Our findings supported the third hypothesis: motor-based predictions enhanced, rather than suppressed, the brain’s sensitivity to listener-matched acoustic features. The significant corrected MMN effects observed in the shadow group indicated that motor signals functioned as top-down attentional modulators during social imitation, increasing neural response gain to facilitate the perceptual learning required for vocal adjustment. This challenged traditional views that motor-based predictions primarily served to cancel out expected sensory feedback — a mechanism thought to reduce redundancy during self-generated speech.

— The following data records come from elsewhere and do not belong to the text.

Section Component.
Variables (Sigma : finType) (A : automaton Sigma) (I : {set Sigma}).
Notation St := (state A).
Implicit Types (w : word Sigma) (s : seq Sigma).

(* States of the component guessing I: [Some (inl Q)] in phase 1 (Q a state of
   the subset construction), [Some (inr T)] in phase 2 (T the counter), and
   [None] once the guess is refuted. *)
Definition phase := option ({set St} + {set Sigma})%type.

Definition comp_step (ph : phase) (x : Sigma) : phase :=
  match ph with
  | Some (inl Q) =>
      if x \notin I then Some (inl (subset_step I Q x))
      else if [exists q in Q, q \in good A I] then Some (inr (counter_step I set0 x))
      else None
  | Some (inr T) => if x \in I then Some (inr (counter_step I T x)) else None
  | None => None
  end.

Definition comp_init : phase := Some (inl (subset_init A I)).

Definition comp_run w n : phase := foldl comp_step comp_init (seg w 0 n).

Definition comp_accepts w := inf_often (fun n => comp_run w n = Some (inr set0)).

Lemma comp_run_add w i d : comp_run w (i + d) = foldl comp_step (comp_run w i) (seg w i d).
Proof. by rewrite /comp_run seg_add foldl_cat. Qed.

Lemma comp_runS w n : comp_run w n.+1 = comp_step (comp_run w n) (w n).
Proof. by rewrite -addn1 comp_run_add. Qed.

Lemma fold_refuted s : foldl comp_step None s = None.
Proof. by elim: s. Qed.

Lemma fold_phase1 (Q : {set St}) s : all (fun x => x \notin I) s ->
  foldl comp_step (Some (inl Q)) s = Some (inl (foldl (subset_step I) Q s)).
Proof. by elim: s Q => //= x s IH Q /andP[-> /IH]. Qed.

Lemma fold_phase2 T s : all (fun x => x \in I) s ->
  foldl comp_step (Some (inr T)) s = Some (inr (foldl (counter_step I) T s)).
Proof. by elim: s T => //= x s IH T /andP[-> /IH]. Qed.

Lemma fold_phase2_alive T s : foldl comp_step (Some (inr T)) s != None ->
  all (fun x => x \in I) s.
Proof.
elim: s T => //= x s IH T; case: ifP => xI; last by rewrite fold_refuted.
exact: IH.
Qed.

Lemma comp_alive w : comp_accepts w -> forall n, comp_run w n != None.
Proof.
move=> acc n; apply/eqP => dead; have [j [nj Hj]] := acc n.
by move: Hj; rewrite -(subnKC nj) comp_run_add dead fold_refuted.
Qed.

Lemma comp_accepts_tail w m T : comp_accepts w -> comp_run w m = Some (inr T) ->
  tail_over I m w.
Proof.
move=> acc Hm.
have wI i : m <= i -> w i \in I.
  move=> mi; have := comp_alive acc i.+1.
  rewrite -(subnKC mi) -addnS comp_run_add Hm => /fold_phase2_alive.
  by rewrite -addn1 seg_add all_cat /= andbT => /andP[].
split=> // a aI N; have [i [Ni Hi]] := acc (maxn N m); have [j [ij Hj]] := acc i.+1.
have s_ne : seg w i (j - i) != [::] by rewrite -size_eq0 size_map size_iota; lia.
have seg_I : all (fun x => x \in I) (seg w i (j - i)).
  by apply/allP => x /mem_seg [l il <-]; apply: wI; lia.
move: Hj; rewrite -(subnKC (ltnW ij)) comp_run_add Hi fold_phase2 // => -[reset].
have /mem_seg [l il wl] : a \in seg w i (j - i).
  apply: contraT => a_out.
  by have := counter_no_reset aI (negbT (in_set0 a)) a_out s_ne; rewrite reset eqxx.
by exists l; split=> //; lia.
Qed.

Lemma tail_comp_accepts w m T : comp_run w m = Some (inr T) -> tail_over I m w ->
  comp_accepts w.
Proof.
move=> Hm [wI wrec] N.
have seg_I i d : m <= i -> all (fun x => x \in I) (seg w i d).
  by move=> mi; apply/allP => x /mem_seg [l il <-]; apply: wI; lia.
have mi : m <= maxn N m by lia.
have [Ti Hi] : exists Ti, comp_run w (maxn N m) = Some (inr Ti).
  by rewrite -(subnKC mi) comp_run_add Hm fold_phase2 ?seg_I //; eexists.
have [n n0 win] := window (maxn N m) wrec.
have s_ne : seg w (maxn N m) n != [::] by rewrite -size_eq0 size_map size_iota -lt0n.
have [l /andP[_ ln] reset] := counter_reset Ti s_ne win.
rewrite size_map size_iota in ln.
exists (maxn N m + l); split; first lia.
by rewrite comp_run_add Hi fold_phase2 ?seg_I // -(take_seg _ _ ln) reset.
Qed.

Definition good_split w k :=
  [/\ all (fun x => x \notin I) (seg w 0 k), tail_over I k w &
      exists2 q, q \in foldl (subset_step I) (subset_init A I) (seg w 0 k) & q \in good A I].

Lemma comp_run_switch w k : all (fun x => x \notin I) (seg w 0 k) -> w k \in I ->
  comp_run w k.+1 =
    if [exists q in foldl (subset_step I) (subset_init A I) (seg w 0 k), q \in good A I]
    then Some (inr (counter_step I set0 (w k))) else None.
Proof. by move=> pre wk; rewrite comp_runS /comp_run fold_phase1 //= wk. Qed.

Lemma good_split_accepts w k : good_split w k -> comp_accepts w.
Proof.
case=> pre [wI wrec] [q qS qG].
have := comp_run_switch pre (wI k (leqnn k)).
have -> : [exists q in foldl (subset_step I) (subset_init A I) (seg w 0 k), q \in good A I].
  by apply/exists_inP; exists q.
move/tail_comp_accepts; apply; split=> // i ki; apply: wI; lia.
Qed.
(* The bracket [g,h]_k is a sum of two products of elements of S^-, and S^- is closed under
   products, derivatives and antiderivatives from -oo (a rapidly decaying function has a
   rapidly decaying primitive, namely [t |-> RInt h 0 t - L] with [L] its limit at -oo).
   This makes the bracket well defined on S^-, and bilinear since every d_t^j is linear.
   The chain rule is the product rule combined with d_t (d_t^j h) = d_t^(j+1) h and
   d_t^j (d_t h) = d_t^(j+1) h, which hold for every j in Z on S^- because the primitive
   from -oo of d_t h is h itself. *)

(** * Rapid decay at -oo and the class S^- *)

Definition rapid_decay (h : R -> R) : Prop :=
  forall k : nat, exists M : R, forall t : R, t < 0 -> Rabs t ^ k * Rabs (h t) <= M.

Lemma rapid_decay_bound_nonneg (h : R -> R) (k : nat) (M : R) :
  (forall t, t < 0 -> Rabs t ^ k * Rabs (h t) <= M) -> 0 <= M.
Proof.
  intros HM. eapply Rle_trans; [|apply (HM (-1)); lra].
  apply Rmult_le_pos; [apply pow_le|]; apply Rabs_pos.
Qed.

Lemma pow_1_plus_le (x : R) (k : nat) : 0 <= x -> (1 + x) ^ k <= 2 ^ k * (1 + x ^ k).
Proof.
  intros Hx. induction k as [|k IH]; simpl; [lra|].
  assert (Hmix : x + x ^ k <= 1 + x * x ^ k).
  { destruct (Rle_dec x 1).
    - assert (x ^ k <= 1) by (rewrite <- (pow1 k); apply pow_incr; lra).
      assert (0 <= x ^ k) by (apply pow_le; lra). nra.
    - assert (1 <= x ^ k) by (apply pow_R1_Rle; lra). nra. }
  assert (0 <= 2 ^ k) by (apply pow_le; lra).
  assert (0 <= (1 + x) ^ k) by (apply pow_le; lra).
  nra.
Qed.
Lemma is_derive_zero_const (f : R -> R) : (forall x, is_derive f x 0) -> forall x y, f x = f y.
Proof.
  intros Hf x y.
  assert (H : Rabs (f y - f x) <= 0 * Rabs (y - x)).
  { apply (bounded_variation f (fun _ => 0)). intros t _. split; [apply Hf|].
    rewrite Rabs_R0. lra. }
  rewrite Rmult_0_l in H. pose proof (Rabs_pos (f y - f x)).
  assert (Hz : Rabs (f y - f x) = 0) by lra. apply Rabs_eq_0 in Hz. lra.
Qed.

Lemma periodic_abs_max (f : R -> R) L : 0 < L -> periodic f L -> (forall s, ex_derive f s) ->
  exists s0, 0 <= s0 <= L /\ (forall s, Rabs (f s) <= Rabs (f s0)) /\ f s0 * Derive f s0 = 0.
Proof.
  intros HL Hp Hd.
  destruct (periodic_max L (fun u => f u ^ 2) HL) as [s0 [Hs0 Hmax]].
  - intro s. simpl. rewrite Hp. reflexivity.
  - intro s. apply continuity_pt_of_ex_derive. auto_derive. apply Hd.
  - exists s0. split; [exact Hs0|]. split.
    + intro s. apply Rsqr_le_abs_0. unfold Rsqr. specialize (Hmax s). simpl in Hmax. lra.
    + assert (H0 := Derive_at_max (fun u => f u ^ 2) s0 ltac:(auto_derive; apply Hd) Hmax).
      assert (HD : Derive (fun u => f u ^ 2) s0 = 2 * (f s0 * Derive f s0)).
      { apply is_derive_unique. auto_derive; [apply Hd | eta_contract; ring]. }
      lra.
Qed.

Section Revolution.
Variables (r z : R -> R).
Hypothesis Hr : forall n s, ex_derive_n r n s.

Lemma Derive_mult_const (f : R -> R) k s : ex_derive f s ->
  Derive (fun u => f u * k) s = Derive f s * k.
Proof. intro H. apply is_derive_unique. auto_derive; auto. rewrite Rmult_1_l. reflexivity. Qed.

Lemma Derive_scal_cos k u : Derive (fun v => k * cos v) u = - k * sin u.
Proof. apply is_derive_unique. auto_derive; auto. ring. Qed.

Lemma Derive_scal_sin k u : Derive (fun v => k * sin v) u = k * cos u.
Proof. apply is_derive_unique. auto_derive; auto. ring. Qed.

Ltac v3_eq := unfold v3; f_equal; try f_equal; ring.

Lemma revsurf_Xs s : Xs (revsurf r z) s 0 = v3 (Derive r s) 0 (Derive z s).
Proof.
  unfold Xs, d3, revsurf, vx, vy, vz, v3; simpl.
  rewrite !Derive_mult_const by apply (Hr 1%nat). rewrite cos_0, sin_0. v3_eq.
Qed.

Lemma revsurf_Xt s : Xt (revsurf r z) s 0 = v3 0 (r s) 0.
Proof.
  unfold Xt, d3, revsurf, vx, vy, vz, v3; simpl.
  rewrite Derive_scal_cos, Derive_scal_sin, Derive_const, cos_0, sin_0. v3_eq.
Qed.

Lemma revsurf_Xss s :
  Xss (revsurf r z) s 0 = v3 (Derive (Derive r) s) 0 (Derive (Derive z) s).
Proof.
  unfold Xss, Xs, d3, revsurf, vx, vy, vz, v3; simpl.
  rewrite (Derive_ext (fun u => Derive (fun v => r v * cos 0) u) (fun u => Derive r u * cos 0))
    by (intro; apply Derive_mult_const, (Hr 1%nat)).
  rewrite (Derive_ext (fun u => Derive (fun v => r v * sin 0) u) (fun u => Derive r u * sin 0))
    by (intro; apply Derive_mult_const, (Hr 1%nat)).
  rewrite !Derive_mult_const by apply (Hr 2%nat). rewrite cos_0, sin_0. v3_eq.
Qed.

Lemma revsurf_Xst s : Xst (revsurf r z) s 0 = v3 0 (Derive r s) 0.
Proof.
  unfold Xst, Xt, d3, revsurf, vx, vy, vz, v3; simpl.
  rewrite (Derive_ext (fun u => Derive (fun v => r u * cos v) 0) (fun u => 0))
    by (intro; rewrite Derive_scal_cos, sin_0; ring).
  rewrite (Derive_ext (fun u => Derive (fun v => r u * sin v) 0) r)
    by (intro; rewrite Derive_scal_sin, cos_0; ring).
  rewrite (Derive_ext (fun u => Derive (fun v => z u) 0) (fun u => 0))
    by (intro; apply Derive_const).
  rewrite Derive_const. reflexivity.
Qed.

Lemma revsurf_Xtt s : Xtt (revsurf r z) s 0 = v3 (- r s) 0 0.
Proof.
  unfold Xtt, Xt, d3, revsurf, vx, vy, vz, v3; simpl.
  rewrite (Derive_ext _ (fun u => - r s * sin u)) by (intro; apply Derive_scal_cos).
  rewrite (Derive_ext (fun u => Derive (fun v => r s * sin v) u) (fun u => r s * cos u))
    by (intro; apply Derive_scal_sin).
  rewrite (Derive_ext (fun u => Derive (fun v => z s) u) (fun u => 0))
    by (intro; apply Derive_const).
  rewrite Derive_scal_sin, Derive_scal_cos, Derive_const, cos_0, sin_0. v3_eq.
Qed.

End Revolution.

Section Shrinker.
Variables (C a : R) (r z : R -> R).
Hypothesis Hr : forall n s, ex_derive_n r n s.
Hypothesis Hz : forall n s, ex_derive_n z n s.
Hypothesis Hunit : forall s, Derive r s ^ 2 + Derive z s ^ 2 = 1.
Hypothesis Hpos : forall s, 0 < r s.
Hypothesis Hshrink : forall s th, meancurv (revsurf r z) s th =
                                  nproj (revsurf r z) s th (vscal C (revsurf r z s th)).

(* The x- and z-components of H = C F^perp along the meridian th = 0. *)
Lemma shrinker_profile_eq s :
  Derive r s * Derive (Derive z) s - Derive z s * (Derive (Derive r) s - / r s)
  = C * (Derive r s * z s - Derive z s * r s).
Proof.
  specialize (Hshrink s 0) as Hs. pose proof (Hunit s) as Hus. pose proof (Hpos s) as Hps.
  unfold meancurv, nproj, unormal in Hs. cbv zeta in Hs.
  rewrite (revsurf_Xs r z Hr), revsurf_Xt, (revsurf_Xss r z Hr), revsurf_Xst, revsurf_Xtt in Hs.
  unfold vdot, vcross, vscal, vadd, vx, vy, vz, v3, revsurf in Hs. simpl in Hs.
  rewrite cos_0, sin_0 in Hs.
  set (p := Derive r s) in *. set (q := Derive z s) in *. set (P := Derive (Derive r) s) in *.
  set (Q := Derive (Derive z) s) in *. set (rho := r s) in *. set (Z := z s) in *.
  match type of Hs with context [sqrt ?x] =>
    replace (sqrt x) with rho in Hs
      by (replace x with (rho * rho) by (rewrite <- (Rmult_1_r (rho * rho)), <- Hus; ring);
          symmetry; apply sqrt_square; lra) end.
  injection Hs as Hx _ Hzc.
  replace (/ rho * (0 * 0 - q * rho)) with (- q) in Hx, Hzc by (field; lra).
  replace (/ rho * (p * rho - 0 * 0)) with p in Hx, Hzc by (field; lra).
  replace (p * p + 0 * 0 + q * q) with 1 in Hx, Hzc by (rewrite <- Hus; ring).
  (* The unit normal at th = 0 is (- q, 0, p); both components of the normal equation
     determine its scalar coefficient because p^2 + q^2 = 1. *)
  assert (Hcancel : forall A B : R, A * - q = B * - q -> A * p = B * p -> A = B).
  { intros A B H1 H2. apply Rminus_diag_uniq.
    transitivity ((A * - q - B * - q) * - q + (A * p - B * p) * p).
    - transitivity ((A - B) * (p ^ 2 + q ^ 2)); [rewrite Hus|]; ring.
    - rewrite H1, H2. ring. }
  pose proof (Hcancel _ _ Hx Hzc) as Heq.
  match type of Heq with ?A = ?B => transitivity A; [field | rewrite Heq; field]; lra end.
Qed.

Lemma Derive_psiE s : Derive (psiE a C r z) s = C * (r s * Derive r s + z s * Derive z s).
Proof.
  apply is_derive_unique. unfold psiE.
  auto_derive; [split; [apply (Hr 1%nat) | split; [apply (Hz 1%nat) | exact I]] |].
  eta_contract. field.
Qed.
Lemma in_sum_delta (S : pzRingType) v (d : tarc) (F : tarc -> S) :
  tterm t0 att d = Vert0 v ->
  in_sum t0 att (Vert0 v) (fun b => (if d == b then 1 else 0) * F b) = F d.
Proof.
have eq_Arc0 (x y : A0) : (Arc0 x == Arc0 y :> tarc) = (x == y).
  by apply/eqP/eqP => [[]|->].
have eq_In0 (x y : 'I_r) : (In x 0 == In y 0 :> tarc) = (x == y).
  by apply/eqP/eqP => [[]|->].
case: d => [d|j k|j [|k]] //= [<-].
- rewrite (bigD1 d) //= eqxx mul1r big1 ?addr0 => [|b /andP[_ b_neq_d]].
    by rewrite big1 ?addr0 // => j _; rewrite mul0r.
  by rewrite eq_Arc0 eq_sym (negbTE b_neq_d) mul0r.
- rewrite big1 ?add0r => [|b _]; last by rewrite mul0r.
  rewrite (bigD1 j) //= eqxx mul1r big1 ?addr0 // => i /andP[_ i_neq_j].
  by rewrite eq_In0 eq_sym (negbTE i_neq_j) mul0r.
Qed.

Lemma in_sum_tends_to (K : numFieldType) u (c : tarc -> K) (X : nat -> tarc -> K)
    (L : tarc -> K) :
  (forall b, tends_to (X^~ b) (L b)) ->
  tends_to (fun n => in_sum t0 att u (fun b => c b * X n b))
           (in_sum t0 att u (fun b => c b * L b)).
Proof.
move=> XL; case: u => [v|j k] /=; apply: tends_toD;
  by try apply: tends_to_sum => b; apply/tends_toMl/XL.
Qed.

End InSums.

Section Szegedy.
Variables (R : rcfType) (V0 A0 : finType) (o0 t0 : A0 -> V0) (inv0 : A0 -> A0)
          (r : nat) (att : 'I_r -> V0) (p : tarc A0 r -> R).
Local Open Scope complex_scope.
Local Notation tarc := (tarc A0 r).
Local Notation U := (szegedy o0 t0 inv0 att p).

Lemma szegedy_fixpoint alpha (Psi : tarc -> R[i]) :
  (forall a, tends_to (fun n => psi_n o0 t0 inv0 att p alpha n a) (Psi a)) ->
  forall a, U Psi a = Psi a.
Proof.
move=> cvg_Psi a; apply: tends_to_unique (tends_to_succ (cvg_Psi a)).
exact: in_sum_tends_to.
Qed.

Definition inflow (Psi : tarc -> R[i]) (v : V0) : R[i] :=
  in_sum t0 att (Vert0 v) (fun b => (Num.sqrt (p (tinv inv0 b)))%:C * Psi b).

Hypothesis t0_inv : forall a, t0 (inv0 a) = o0 a.

Lemma szegedy_from_V0 Psi a v : 0 <= p a -> torig o0 att a = Vert0 v ->
  U Psi a = (2%:R * Num.sqrt (p a))%:C * inflow Psi v - Psi (tinv inv0 a).
Proof.
move=> p_ge0 o_a; have t_bar_a : tterm t0 att (tinv inv0 a) = Vert0 v.
  by case: a {p_ge0} o_a => //= b; rewrite t0_inv.
rewrite /szegedy o_a /inflow -in_sumMl -(in_sum_delta Psi t_bar_a) -in_sumB.
apply: in_sum_ext => b.
by rewrite mulrBl sqrtrM // !rmorphM /= !mulrA.
Qed.

End Szegedy.

Section Reversible.
Variables (R : rcfType) (V0 A0 : finType) (o0 t0 : A0 -> V0) (inv0 : A0 -> A0)
          (r : nat) (att : 'I_r -> V0) (p : tarc A0 r -> R).
Hypothesis invK : involutive inv0.
Hypothesis o0_inv : forall a, o0 (inv0 a) = t0 a.
Hypothesis t0_inv : forall a, t0 (inv0 a) = o0 a.
Hypothesis connected : forall u v : V0, connect (adj0 o0 t0) u v.
Variables (mV : tvert V0 r -> R) (mE : tarc A0 r -> R).
Hypothesis mV_gt0 : forall u, 0 < mV u.
Hypothesis mE_gt0 : forall a, 0 < mE a.
Hypothesis mE_tinv : forall a, mE (tinv inv0 a) = mE a.
Hypothesis reversible : forall a, p a * mV (torig o0 att a) = mE a /\
                            p (tinv inv0 a) * mV (tterm t0 att a) = mE a.
Variable Psi : tarc A0 r -> R[i].
Local Open Scope complex_scope.
Local Notation inflow := (inflow t0 inv0 att p Psi).

Lemma weighted_inflow_sum :
  \sum_v (Num.sqrt (mV (Vert0 v)))%:C * inflow v =
  \sum_b (Num.sqrt (mE (Arc0 b)))%:C * Psi (Arc0 b) +
  \sum_(j < r) (Num.sqrt (mE (In j 0)))%:C * Psi (In j 0).
Proof.
have weight_in b : (Num.sqrt (mV (tterm t0 att b)))%:C * (Num.sqrt (p (tinv inv0 b)))%:C
                   = (Num.sqrt (mE b))%:C.
  by rewrite -rmorphM -sqrtrM ?(ltW (mV_gt0 _)) // mulrC (reversible b).2.
rewrite (partition_big t0 xpredT) // [X in _ + X](partition_big att xpredT) //=.
rewrite -big_split; apply: eq_bigr => v _; rewrite /inflow /= mulrDr !mulr_sumr.
by congr (_ + _); apply: eq_bigr => b /eqP <-; rewrite mulrA;
  [rewrite -(weight_in (Arc0 b)) | rewrite -(weight_in (In b 0))].
Qed.

Hypothesis Psi_fix : forall a, szegedy o0 t0 inv0 att p Psi a = Psi a.

Definition potential (v : V0) : R[i] := inflow v / (Num.sqrt (mV (Vert0 v)))%:C.

Lemma pair_sum_potential a v : torig o0 att a = Vert0 v ->
  Psi a + Psi (tinv inv0 a) = (2%:R * Num.sqrt (mE a))%:C * potential v.
Proof.
move=> o_a; have p_a : p a = mE a / mV (Vert0 v).
  by rewrite -(reversible a).1 o_a mulfK // gt_eqF.
have p_ge0 : 0 <= p a by rewrite p_a divr_ge0 // ltW.
rewrite -{1}Psi_fix (szegedy_from_V0 t0_inv _ p_ge0 o_a) subrK /potential p_a.
by rewrite sqrtrM ?sqrtrV ?(ltW (mE_gt0 _)) ?(ltW (mV_gt0 _)) // !rmorphM /= fmorphV; ring.
Qed.

Lemma pair_sum_coef_neq0 a : (2%:R * Num.sqrt (mE a))%:C != 0 :> R[i].
Proof.
by rewrite (fmorph_eq0 (real_complex R)) mulf_neq0 ?pnatr_eq0 // sqrtr_eq0 -ltNge.
Qed.

Lemma potential_edge b : potential (o0 b) = potential (t0 b).
Proof.
have out_b := @pair_sum_potential (Arc0 b) (o0 b) erefl.
have in_b := @pair_sum_potential (Arc0 (inv0 b)) (t0 b) (congr1 Vert0 (o0_inv b)).
rewrite /= invK in in_b; apply: (mulfI (pair_sum_coef_neq0 (Arc0 b))).
by rewrite -out_b -(mE_tinv (Arc0 b)) -in_b addrC.
Qed.

Lemma potential_const u v : potential u = potential v.
Proof.
have /connectP[s] := connected u v; elim: s u => [|w s IH] u /=; first by move=> _ ->.
case/andP=> /existsP[b /andP[/eqP <- /eqP <-]] walk last_w.
by rewrite potential_edge; apply: IH.
Qed.

Lemma edge_nonvanishing :
  \sum_(j < r) (Num.sqrt (mE (In j 0)))%:C * Psi (In j 0) != 0 ->
  forall b, Psi (Arc0 b) != 0 \/ Psi (Arc0 (inv0 b)) != 0.
Proof.
move=> boundary_neq0 b.
have [Psi_b|] := eqVneq (Psi (Arc0 b)) 0; last by left.
have [Psi_ib|] := eqVneq (Psi (Arc0 (inv0 b))) 0; last by right.
have potential0 v : potential v = 0.
  rewrite -(potential_const (o0 b)); apply: (mulfI (pair_sum_coef_neq0 (Arc0 b))).
  by rewrite -pair_sum_potential //= Psi_b Psi_ib addr0 mulr0.
have Psi_antisym c : Psi (Arc0 (inv0 c)) = - Psi (Arc0 c).
  apply/eqP; rewrite -addr_eq0 addrC.
  by rewrite (pair_sum_potential (v := o0 c)) // potential0 mulr0.
have inflow0 v : inflow v = 0.
  have := potential0 v; rewrite /potential => /eqP.
  rewrite mulf_eq0 invr_eq0 (fmorph_eq0 (real_complex R)) sqrtr_eq0 leNgt mV_gt0 orbF.
  by move/eqP.
have interior0 : \sum_c (Num.sqrt (mE (Arc0 c)))%:C * Psi (Arc0 c) = 0.
  apply: (sum_antisymmetric_eq0 invK) => c.
  by rewrite Psi_antisym -[Arc0 (inv0 c)]/(tinv inv0 (Arc0 c)) mE_tinv mulrN.
have := weighted_inflow_sum; rewrite interior0 add0r big1 => [boundary0|v _].
  by rewrite -boundary0 eqxx in boundary_neq0.
by rewrite inflow0 mulr0.
Qed.

End Reversible.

It was crucial to distinguish this from the role of memory-based predictions. Memory-based signals, derived from speaker exposure, typically reduced sensitivity to identity cues to accommodate natural vocal fluctuations. In our shadow group, this tolerance explained the absence of a significant MMN for the high-deviant stimulus, which remained within the speaker’s gender category. Importantly, the non-shadow group — who had limited exposure to the speaker’s voice — showed no such pattern, suggesting that both types of predictions required sufficient speaker exposure to become refined and behaviourally meaningful.

Furthermore, the observed pitch divergence highlighted the motor system’s inherent flexibility. Participants prioritised imitating adaptable articulatory patterns — specifically the speaker’s stress structure — over absolute pitch. This behavioural shift suggested that phonetic convergence served a deeper social function: building rapport and cohesion through shared rhythm. By orchestrating these complex sensorimotor interactions, the human brain effectively navigated the nuances of social communication.